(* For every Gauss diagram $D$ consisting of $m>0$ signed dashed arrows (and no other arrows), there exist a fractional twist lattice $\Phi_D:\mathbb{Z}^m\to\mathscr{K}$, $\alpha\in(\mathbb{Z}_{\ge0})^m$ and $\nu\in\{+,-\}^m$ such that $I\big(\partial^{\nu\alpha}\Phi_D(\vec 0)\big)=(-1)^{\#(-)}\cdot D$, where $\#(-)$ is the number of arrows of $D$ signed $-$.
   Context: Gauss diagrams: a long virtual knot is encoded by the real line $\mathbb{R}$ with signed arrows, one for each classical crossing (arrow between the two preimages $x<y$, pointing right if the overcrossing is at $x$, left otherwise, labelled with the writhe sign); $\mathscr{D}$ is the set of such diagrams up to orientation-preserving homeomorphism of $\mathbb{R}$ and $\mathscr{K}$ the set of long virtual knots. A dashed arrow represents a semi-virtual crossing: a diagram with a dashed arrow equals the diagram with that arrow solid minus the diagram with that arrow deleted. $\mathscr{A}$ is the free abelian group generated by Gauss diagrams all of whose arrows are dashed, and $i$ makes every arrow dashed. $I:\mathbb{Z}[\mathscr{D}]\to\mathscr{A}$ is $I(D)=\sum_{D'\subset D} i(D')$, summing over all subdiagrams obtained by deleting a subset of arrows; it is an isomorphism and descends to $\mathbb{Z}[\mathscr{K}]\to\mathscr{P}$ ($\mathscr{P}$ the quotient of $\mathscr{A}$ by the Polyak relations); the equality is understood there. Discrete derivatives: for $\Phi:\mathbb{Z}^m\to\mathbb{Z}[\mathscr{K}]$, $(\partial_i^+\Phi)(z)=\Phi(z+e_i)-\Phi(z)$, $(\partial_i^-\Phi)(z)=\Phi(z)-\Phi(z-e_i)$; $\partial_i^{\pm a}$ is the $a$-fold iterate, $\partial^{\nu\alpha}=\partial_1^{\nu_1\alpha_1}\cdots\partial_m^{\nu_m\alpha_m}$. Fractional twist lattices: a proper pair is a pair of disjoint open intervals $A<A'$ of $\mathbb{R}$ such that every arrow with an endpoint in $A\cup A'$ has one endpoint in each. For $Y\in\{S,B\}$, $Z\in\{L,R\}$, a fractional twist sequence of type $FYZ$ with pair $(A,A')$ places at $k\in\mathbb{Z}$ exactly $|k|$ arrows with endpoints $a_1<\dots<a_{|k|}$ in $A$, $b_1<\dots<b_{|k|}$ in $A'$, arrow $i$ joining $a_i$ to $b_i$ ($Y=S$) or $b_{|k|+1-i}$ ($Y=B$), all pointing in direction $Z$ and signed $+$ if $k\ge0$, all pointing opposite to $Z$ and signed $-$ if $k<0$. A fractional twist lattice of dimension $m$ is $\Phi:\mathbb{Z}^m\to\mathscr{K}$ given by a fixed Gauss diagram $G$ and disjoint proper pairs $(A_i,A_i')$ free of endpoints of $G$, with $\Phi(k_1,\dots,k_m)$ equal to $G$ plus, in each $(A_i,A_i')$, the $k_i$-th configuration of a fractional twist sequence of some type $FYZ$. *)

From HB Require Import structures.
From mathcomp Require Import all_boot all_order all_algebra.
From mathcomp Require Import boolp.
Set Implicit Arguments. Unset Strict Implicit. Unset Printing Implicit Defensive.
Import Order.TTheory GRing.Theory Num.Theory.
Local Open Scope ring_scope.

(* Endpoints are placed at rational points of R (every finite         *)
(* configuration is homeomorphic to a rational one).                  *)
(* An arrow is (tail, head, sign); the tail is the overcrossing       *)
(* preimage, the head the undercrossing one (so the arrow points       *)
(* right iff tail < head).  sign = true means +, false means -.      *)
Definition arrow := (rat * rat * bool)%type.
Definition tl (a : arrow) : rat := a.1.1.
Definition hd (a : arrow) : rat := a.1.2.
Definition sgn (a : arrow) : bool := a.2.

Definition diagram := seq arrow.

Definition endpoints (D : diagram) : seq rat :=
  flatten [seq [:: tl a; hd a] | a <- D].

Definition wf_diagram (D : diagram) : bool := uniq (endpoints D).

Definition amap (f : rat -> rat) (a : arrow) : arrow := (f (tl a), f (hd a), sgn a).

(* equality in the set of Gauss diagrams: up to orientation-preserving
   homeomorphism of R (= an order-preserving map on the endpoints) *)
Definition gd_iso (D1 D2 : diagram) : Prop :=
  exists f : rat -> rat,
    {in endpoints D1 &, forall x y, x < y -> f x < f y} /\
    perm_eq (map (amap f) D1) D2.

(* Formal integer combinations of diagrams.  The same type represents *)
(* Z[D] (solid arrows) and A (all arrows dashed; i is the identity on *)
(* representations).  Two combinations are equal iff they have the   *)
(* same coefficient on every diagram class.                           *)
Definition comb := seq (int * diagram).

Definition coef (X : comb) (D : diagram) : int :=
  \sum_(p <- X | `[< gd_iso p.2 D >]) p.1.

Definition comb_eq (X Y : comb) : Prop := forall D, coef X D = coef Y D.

**Directions for this task**:
All lines from the one containing "Definition coef (X" through the end of the data, and no others, are to be given again word for word.

**Response box**:
Definition coef (X : comb) (D : diagram) : int :=
  \sum_(p <- X | `[< gd_iso p.2 D >]) p.1.

Definition comb_eq (X Y : comb) : Prop := forall D, coef X D = coef Y D.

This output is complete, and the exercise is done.